Warm dialysate Access Tenckhoff catheter Begin dwell time Complete exchange Assess effluent (First, warm the dialysate. Would you put cold or even cool dialysate in your peritoneal cavity? NO, it would feel uncomfortable but more importantly, it would vasoconstrict the vessels of the peritoneal membrane. Would that affect the success of the dialysis? Yes, you want dilated blood vessels to promote osmosis and diffusion. Second, access the Tenckhoff catheter, assess it for patency and look at the site for infection. Just like you would do with any IV access. Third, begin the dwell time. Fourth, complete exchange by removing effluent by gravity drainage. Fifth, assess effluent. What would I assess the effluent for? Color, clarity, amount...just like urine? What am I worried about? Infection. How would my effluent look if I had an infection? Cloudy. If I have an infection in my peritoneal cavity, I need immediate antibiotic therapy to prevent peritonitis and damage to the membrane. The primary healthcare provider is going to want to culture the effluent and start a broad spectrum antibiotic.)

The nurse is performing peritoneal dialysis on a client diagnosed with renal injury. In what order should the nurse perform this procedure? Drain fluid for 30 minutes. Turn client from side to side. Provide 30 minute dwell time. Warm dialysate. Infuse dialysate through peritoneal catheter.

Warm dialysate. Infuse dialysate through peritoneal catheter. Provide 30 minute dwell time. Drain fluid for 30 minutes. Turn client from side to side. (First, the dialysate should be warmed to body temperature by allowing it to sit out for a short period of time. Second, the dialysate is infused through the peritoneal catheter into the peritoneal cavity. Third, the prescribed dwell time should be provided. In this case the dwell time is 30 minutes. Fourth, allow the dialysate to drain for 20-30 minutes.
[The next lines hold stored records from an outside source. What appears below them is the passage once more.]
(* Let $P$ be a shrub on a finite set $I$. Then the connected components of $P$ are exactly the parts of the partition $\pi_{f_P}$ of $I$.
   Context: A shrub $P$ on a finite set $I$ is a set $E$ of edges (unordered pairs of distinct elements of $I$) with a height function $h_P:I\to\mathbb{N}$; $j$ covers $i$ if $\{i,j\}\in E$ and $h_P(j)=h_P(i)+1$. Axioms: (1) edges join vertices whose heights differ by $1$; (2) every vertex of positive height covers some vertex; (3) no four distinct $a,b,c,d$ with $a$ covering $b$ and $c$, $c$ covering $d$, $\{b,d\}\notin E$; (4) no five distinct $a,b,c,d,e$ with $a$ covering $c,d$, $b$ covering $d,e$, $\{a,e\}\notin E$, $\{b,c\}\notin E$. Connected components are those of the graph $(I,E)$. A vertex is ramified if it covers at least two distinct vertices; two ramified vertices are equivalent if they cover the same set of vertices; $\operatorname{Ram}(P)$ is the set of equivalence classes, and for $r\in\operatorname{Ram}(P)$, $r^-$ is the common set of vertices covered by elements of $r$. For $S\subseteq I$, $\langle S\rangle_P$ is the set of $j\in I$ such that every descending path from $j$ (each vertex covering the next) to a vertex of height $0$ meets $S$. $P\setminus\langle r\rangle_P$ is the restriction of $P$ to $I\setminus\langle r\rangle_P$. With $u[S]=\sum_{k\in S}u_k$, $$f_P=\frac{1}{\prod_{i\in I}u[\langle\{i\}\rangle_P]}\prod_{r\in\operatorname{Ram}(P)}\frac{u[\langle r^-\rangle_{P\setminus\langle r\rangle_P}]}{u[\langle r^-\rangle_P]}\in\mathbb{Q}(u_i:i\in I).$$ For a rational function $f$ in the variables $(u_i)_{i\in I}$, written in lowest terms, $\pi_f$ is the partition of $I$ into classes of the equivalence relation generated by: $i\sim j$ if some irreducible factor of the denominator of $f$ involves both $u_i$ and $u_j$. *)

From HB Require Import structures.
From mathcomp Require Import all_boot all_order all_algebra.
From mathcomp Require Import boolp.
From mathcomp Require Import mpoly.
From Stdlib Require Import Relations.
Set Implicit Arguments. Unset Strict Implicit. Unset Printing Implicit Defensive.
Import GRing.Theory.
Local Open Scope ring_scope.

Notation "x %:F" := (@FracField.tofrac _ x).

(* The edge set E is a symmetric irreflexive relation (= a set of         *)
(* unordered pairs of distinct elements); h is the height function.       *)

Section Shrub.
Variables (n : nat) (E : rel 'I_n) (h : 'I_n -> nat).

Definition covers (j i : 'I_n) : bool := E i j && (h j == (h i).+1)%N.

Definition is_shrub : Prop :=
  (forall i j, E i j = E j i) /\ (forall i, ~~ E i i) /\
  (* (1) *) (forall i j, E i j -> h i = (h j).+1 \/ h j = (h i).+1) /\
  (* (2) *) (forall i, (0 < h i)%N -> exists j, covers i j) /\
  (* (3) *) (forall a b c d : 'I_n, uniq [:: a; b; c; d] ->
              covers a b -> covers a c -> covers c d -> E b d) /\
  (* (4) *) (forall a b c d e : 'I_n, uniq [:: a; b; c; d; e] ->
                  covers a c -> covers a d -> covers b d -> covers b e ->
                  E a e \/ E b c).

Definition covered (v : 'I_n) : {set 'I_n} := [set w | covers v w].

Definition ramified (v : 'I_n) : bool := (1 < #|covered v|)%N.

Definition Ram : {set {set 'I_n}} :=
  [set [set w | ramified w && (covered w == covered v)] | v in [set v | ramified v]].

(* r^- : the common set of vertices covered by the elements of r *)
Definition rminus (r : {set 'I_n}) : {set 'I_n} := \bigcup_(v in r) covered v.

Definition desc_path (V : {set 'I_n}) (j : 'I_n) (p : seq 'I_n) : bool :=
  (j \in V) && path (fun x y => [&& x \in V, y \in V & covers x y]) j p.

(* < S >_{P|V} : the j (in V) such that every descending path (in the
   restriction of P to V) from j to a vertex of height 0 meets S. *)
Definition gen (V S : {set 'I_n}) : {set 'I_n} :=
  [set j in V | `[< forall p : seq 'I_n, desc_path V j p ->
                     h (last j p) = 0%N -> has (mem S) (j :: p) >]].

Local Notation F := {fraction {mpoly rat[n]}}.

Definition usum (S : {set 'I_n}) : F := \sum_(k in S) ('X_k : {mpoly rat[n]})%:F.

Definition fP : F :=
  (\prod_(i : 'I_n) usum (gen setT [set i]))^-1 *
  \prod_(r in Ram) (usum (gen (~: gen setT r) (rminus r)) /
                    usum (gen setT (rminus r))).

End Shrub.

Section PiF.
Variable n : nat.
Local Notation P := {mpoly rat[n]}.
Local Notation F := {fraction {mpoly rat[n]}}.

Definition mdvd (a b : P) : Prop := exists c : P, b = a * c.

Definition mirreducible (p : P) : Prop :=
  [/\ p != 0, p \isn't a GRing.unit &
      forall a b : P, p = a * b -> a \is a GRing.unit \/ b \is a GRing.unit].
Fifth, turn the client from side to side if all the drainage does not come out of the peritoneum.)

In what order will the nurse provide instructions to a client on using a cane? With cane on stronger side of body, support body weight with both legs. Advance weaker leg forward toward the cane. Move cane forward 6-10 inches (15 - 25 cm). Advance stronger leg forward toward cane.

With cane on stronger side of body, support body weight with both legs. Move cane forward 6-10 inches (15 - 25 cm). Advance weaker leg forward toward the cane. Advance stronger leg forward toward cane. (First, with cane on stronger side of body, support body weight with both legs. This will support the even distribution of weight away from the weaker side to promote a normal gait. Second, move cane forward 6-10 inches (15-25 cm). Moving the cane the approximate distance of a normal gait helps with stability. Third, advance weaker leg forward toward the cane. This allows the weight to be supported by the cane and the stronger leg. Fourth, advance stronger leg forward toward the cane. This allows the weight to be supported by the cane and weaker leg.)